# EXERCISE AIM
Instruction for the entries that follow: retype exactly the lines from the line with "have nested_left y" to the line with "under eq_bigr do", both included, and omit all others.

[Stored data entries]
(* The envelope L~ is a Lie algebra (the Jacobi identity holds coefficientwise), and
   the d_i = ad(omega_i) are pairwise commuting derivations of it.  Since e_pi^2 = 0,
   any two elements of L~e_pi bracket to zero, hence d_i g d_i = 0 for every operator g
   preserving L~e_pi.  Adding the members of Omega one at a time, this gives
   U_a U_b = C(a+b,a) U_(a+b) and the Leibniz rule
     [x, y U_k] = sum_j (-1)^j [x U_j, y] U_(k-j).
   When U_3 = U_4 = 0, its instances k = 2, 3, 4 read
     [x, y U_2] = [x, y] U_2 - [x U_1, y] U_1 + [x U_2, y],
     [x U_1, y] U_2 = [x U_2, y] U_1,    [x U_2, y] U_2 = 0,
   and expanding z ad(y1 U_2) ad(y2 U_2) with the first and simplifying with the
   other two leaves exactly z U_2 ad(y1) ad(y2) U_2. *)

Section PowersetSums.
Context {K : choiceType} {V : nmodType}.
Implicit Types p q r s t : {fset K}.

Lemma fsetUDKl p q : [disjoint q & p] -> (p `|` q) `\` p = q.
Proof. by move=> dqp; rewrite fsetDUl fsetDv fset0U; apply/fsetDidPl. Qed.
Lemma fsetUDK p s : p `<=` s -> p `|` (s `\` p) = s.
Proof. by move=> ps; rewrite fsetUDl fsetDv fsetD0; apply/fsetUidPr. Qed.

Lemma big_fpowerset_compl r (G : {fset K} -> V) :
  \sum_(q <- fpowerset r) G q = \sum_(q <- fpowerset r) G (r `\` q).
Proof.
have inj : {in fpowerset r &, injective (fun q => r `\` q)}.
  by move=> a b; rewrite !fpowersetE => ha hb e; rewrite -(fsetDK ha) -(fsetDK hb) e.
rewrite -(big_imfset _ imfset_key G inj) /=; apply: eq_fbigl => q.
apply/idP/imfsetP => [|[q' _ ->]]; rewrite fpowersetE ?fsubsetDl // => hq.
by exists (r `\` q); rewrite ?fsetDK // fpowersetE fsubsetDl.
Qed.

Lemma big_fpowerset_chain t (G : {fset K} -> {fset K} -> V) :
  \sum_(s <- fpowerset t) \sum_(p <- fpowerset s) G s p =
  \sum_(p <- fpowerset t) \sum_(q <- fpowerset (t `\` p)) G (p `|` q) p.
Proof.
rewrite [RHS](pair_big_dep_cond _ _ _ xpredT (fun _ => xpredT)) /=.
set splits := [fset _ | _ in _, _ in _].
rewrite (pair_big_dep_cond _ _ _ xpredT (fun _ => xpredT)) /=.
have inj : {in splits &, injective (fun w => (w.1 `|` w.2, w.1))}.
  move=> _ _ /imfset2P[p + [q + ->]] /imfset2P[p' + [q' + ->]].
  rewrite !inE !andbT !fpowersetE => _ /fsubsetDP[_ dpq] _ /fsubsetDP[_ dpq'] [e ep].
  by subst p'; congr pair; rewrite -(fsetUDKl dpq) -(fsetUDKl dpq') e.
rewrite -(big_imfset _ imfset_key (fun w => G w.1 w.2) inj) /=.
apply: eq_fbigl => -[s p]; apply/imfset2P/imfsetP => /=.
  move=> [s' + [p' + [= -> ->]]]; rewrite !inE !andbT !fpowersetE => st ps.
  exists (p', s' `\` p'); last by rewrite /= fsetUDK.
  apply/imfset2P; exists p'; first by rewrite !inE andbT fpowersetE (fsubset_trans ps st).
  by exists (s' `\` p'); rewrite // !inE andbT fpowersetE fsetSD.
move=> [_ /imfset2P[p' + [q + ->]] [-> ->]].
rewrite !inE !andbT !fpowersetE => pt /fsubsetDP[qt _].
exists (p' `|` q); first by rewrite !inE andbT fpowersetE fsubUset pt.
by exists p'; rewrite // !inE andbT fpowersetE fsubsetUl.
Qed.
End PowersetSums.

Section LiftMax.
Variable n : nat.
Local Notation lmax := (lift (@ord_max n)).
Implicit Types (S : {set 'I_n}) (A : {set 'I_n.+1}).

Lemma ord_max_notin_imset S : ord_max \notin lmax @: S.
Proof. by apply/imsetP => -[i _ /eqP]; rewrite (negbTE (neq_lift _ _)). Qed.

Lemma preimset_lift_max S : lmax @^-1: (lmax @: S) = S.
Proof. by apply/setP => i; rewrite inE mem_imset //; apply: lift_inj. Qed.

Lemma preimset_lift_max1 S : lmax @^-1: (ord_max |: lmax @: S) = S.
Proof.
apply/setP => i; rewrite !inE eq_sym (negbTE (neq_lift _ _)) mem_imset //.
exact: lift_inj.
Qed.

Lemma imset_lift_maxK A : ord_max \notin A -> lmax @: (lmax @^-1: A) = A.
Proof.
move=> A0; apply/setP => j; case: (unliftP ord_max j) => [i ->|->].
  by rewrite mem_imset ?inE //; apply: lift_inj.
by rewrite (negbTE A0) (negbTE (ord_max_notin_imset _)).
Qed.

Lemma imset_lift_maxK1 A : ord_max \in A -> ord_max |: lmax @: (lmax @^-1: A) = A.
Proof.
move=> A0; apply/setP => j; case: (unliftP ord_max j) => [i ->|->]; last by rewrite A0 setU11.
by rewrite in_setU1 eq_sym (negbTE (neq_lift _ _)) mem_imset ?inE //; apply: lift_inj.
Qed.

Lemma enum_set_lift_max A : enum A =
  let s := map lmax (enum (lmax @^-1: A)) in if ord_max \in A then rcons s ord_max else s.
Proof.
have enumE m (B : {set 'I_m}) : enum B = filter (mem B) (enum 'I_m) by rewrite enumT.
have enum_ordS : enum 'I_n.+1 = rcons (map lmax (enum 'I_n)) ord_max.
  by rewrite enum_ordSr; congr (rcons _ _); apply: eq_map => i; apply/val_inj/esym/lift_max.
rewrite [LHS]enumE enum_ordS filter_rcons filter_map [enum (_ @^-1: _)]enumE /=.
by rewrite (@eq_filter _ _ (mem (lmax @^-1: A))) // => i; rewrite /= inE.
Qed.

End LiftMax.

Section GrassmannEnvelope.
Variables (F : fieldType) (L : lmodType F) (br : L -> L -> L).
Hypothesis br_lie : lie_algebra br.

Let br_linearl y : linear (br^~ y). Proof. by case: br_lie => h _ _ _ a x z; apply: h. Qed.
Let br_linearr x : linear (br x). Proof. by case: br_lie => _ h _ _ a y z; apply: h. Qed.
HB.instance Definition _ :=
  bilinear_isBilinear.Build F L L L *:%R *:%R br (br_linearl, br_linearr).

Lemma lie_anticomm x y : br x y = - br y x.
Proof.
case: br_lie => _ _ brxx _; apply/eqP; rewrite -addr_eq0.
by have := brxx (x + y); rewrite linearDl !linearDr /= !brxx add0r addr0 => ->.
Qed.

Lemma lie_jacobi x y z : br x (br y z) = br (br x y) z - br (br x z) y.
Proof.
case: br_lie => _ _ _ /(_ x y z) /eqP.
rewrite [br y (br z x)]lie_anticomm [br z x]lie_anticomm [br z (br x y)]lie_anticomm.
by rewrite linearNl /= opprK subr_eq0 => /eqP <-; rewrite addrK.
Qed.

Local Notation T := (tL L).
Implicit Types x y z u v w : T.

Lemma tbr_fset0 x y : tbr br x y fset0 = 0.
Proof. by rewrite /tbr big_mkcond fpowerset0 big_seq_fset1 eqxx. Qed.

Let tbr_linearl y : linear (tbr br ^~ y).
Proof.
move=> a x z; apply/funext => t; rewrite -[RHS]/(a *: tbr br x y t + tbr br z y t).
by rewrite /tbr scaler_sumr -big_split; apply: eq_bigr => p _; apply: linearPl.
Qed.
Let tbr_linearr x : linear (tbr br x).
Proof.
move=> a y z; apply/funext => t; rewrite -[RHS]/(a *: tbr br x y t + tbr br x z t).
by rewrite /tbr scaler_sumr -big_split; apply: eq_bigr => p _; apply: linearPr.
Qed.
HB.instance Definition _ :=
  bilinear_isBilinear.Build F T T T *:%R *:%R (tbr br) (tbr_linearl, tbr_linearr).

Lemma tbrE x y t : x fset0 = 0 -> y fset0 = 0 ->
  tbr br x y t = \sum_(p <- fpowerset t) br (x p) (y (t `\` p)).
Proof.
move=> x0 y0; rewrite /tbr big_mkcond /=; apply: eq_bigr => p _.
by case: eqP => [->|_]; case: eqP => [->|_]; rewrite ?x0 ?fsetDv ?y0 ?linear0l ?linear0r.
Qed.

Lemma tbr_jacobi x u v : x fset0 = 0 -> u fset0 = 0 -> v fset0 = 0 ->
  tbr br x (tbr br u v) = tbr br (tbr br x u) v - tbr br (tbr br x v) u.
Proof.
move=> x0 u0 v0; apply/funext => t.
rewrite -[RHS]/(tbr br (tbr br x u) v t - tbr br (tbr br x v) u t).
have nested_right : tbr br x (tbr br u v) t = \sum_(p <- fpowerset t)
    \sum_(q <- fpowerset (t `\` p)) br (x p) (br (u q) (v (t `\` p `\` q))).
  by rewrite tbrE ?tbr_fset0 //; apply: eq_bigr => p _; rewrite tbrE // linear_sumr.
have nested_left y w : y fset0 = 0 -> w fset0 = 0 ->
    tbr br (tbr br x y) w t = \sum_(p <- fpowerset t)
      \sum_(q <- fpowerset (t `\` p)) br (br (x p) (y q)) (w (t `\` p `\` q)).
  move=> y0 w0; rewrite tbrE ?tbr_fset0 //.
  under eq_bigr do rewrite tbrE // linear_sumlz.
  rewrite big_fpowerset_chain; apply: eq_big_seq => p _.
  apply: eq_big_seq => q; rewrite fpowersetE => /fsubsetDP[_ dqp].
  by rewrite fsetUDKl // fsetDDl.
rewrite nested_right !nested_left // -sumrB; apply: eq_bigr => p _.
rewrite [X in _ = _ - X]big_fpowerset_compl -sumrB.
by apply: eq_big_seq => q; rewrite fpowersetE => qtp; rewrite fsetDK // lie_jacobi.
Qed.

Lemma tbr_ad w x y : w fset0 = 0 -> x fset0 = 0 -> y fset0 = 0 ->
  tbr br x (ad br w y) = ad br w (tbr br x y) - tbr br (ad br w x) y.
Proof. by move=> w0 x0 y0; apply: tbr_jacobi. Qed.

Lemma in_tL0 : in_tL (0 : T).
Proof. by split=> //; exists fset0. Qed.

Lemma in_tLD x y : in_tL x -> in_tL y -> in_tL (x + y).
Proof.
move=> [x0 [sx sxP]] [y0 [sy syP]].
split; first by rewrite -[LHS]/(x fset0 + y fset0) x0 y0 addr0.
exists (sx `|` sy) => t; rewrite inE negb_or => /andP[/sxP xt0 /syP yt0].
by rewrite -[LHS]/(x t + y t) xt0 yt0 addr0.
Qed.

Lemma in_tL_tbr x y : in_tL x -> in_tL y -> in_tL (tbr br x y).
Proof.
move=> [_ [sx sxP]] [_ [sy syP]]; split; first exact: tbr_fset0.
exists [fset p `|` q | p in sx, q in sy] => t tN.
rewrite /tbr big1_seq // => p /andP[_]; rewrite fpowersetE => pt.
have [px|/sxP->] := boolP (p \in sx); last by rewrite linear0l.
have [qy|/syP->] := boolP (t `\` p \in sy); last by rewrite linear0r.
by case/negP: tN; rewrite -(fsetUDK pt); apply/imfset2P; exists p => //; exists (t `\` p).
Qed.

Lemma in_Le_piD pi x y : in_Le_pi pi x -> in_Le_pi pi y -> in_Le_pi pi (x + y).
Proof. by move=> xP yP t tN; rewrite -[LHS]/(x t + y t) xP // yP // addr0. Qed.

Lemma in_Le_pi_tbrl pi x y : in_Le_pi pi x -> in_Le_pi pi (tbr br x y).
Proof.
move=> xP t tN; rewrite /tbr big1_seq // => p /andP[_]; rewrite fpowersetE => pt.
by rewrite xP ?linear0l //; apply: contra tN => /fsubset_trans; apply.
Qed.

Lemma in_Le_pi_tbrr pi x y : in_Le_pi pi y -> in_Le_pi pi (tbr br x y).
Proof.
move=> yP t tN; rewrite /tbr big1_seq // => p _.
by rewrite yP ?linear0r //; apply: contra tN => /fsubset_trans; apply; apply: fsubsetDl.
Qed.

# OUTPUT
have nested_left y w : y fset0 = 0 -> w fset0 = 0 ->
    tbr br (tbr br x y) w t = \sum_(p <- fpowerset t)
      \sum_(q <- fpowerset (t `\` p)) br (br (x p) (y q)) (w (t `\` p `\` q)).
  move=> y0 w0; rewrite tbrE ?tbr_fset0 //.
  under eq_bigr do rewrite tbrE // linear_sumlz.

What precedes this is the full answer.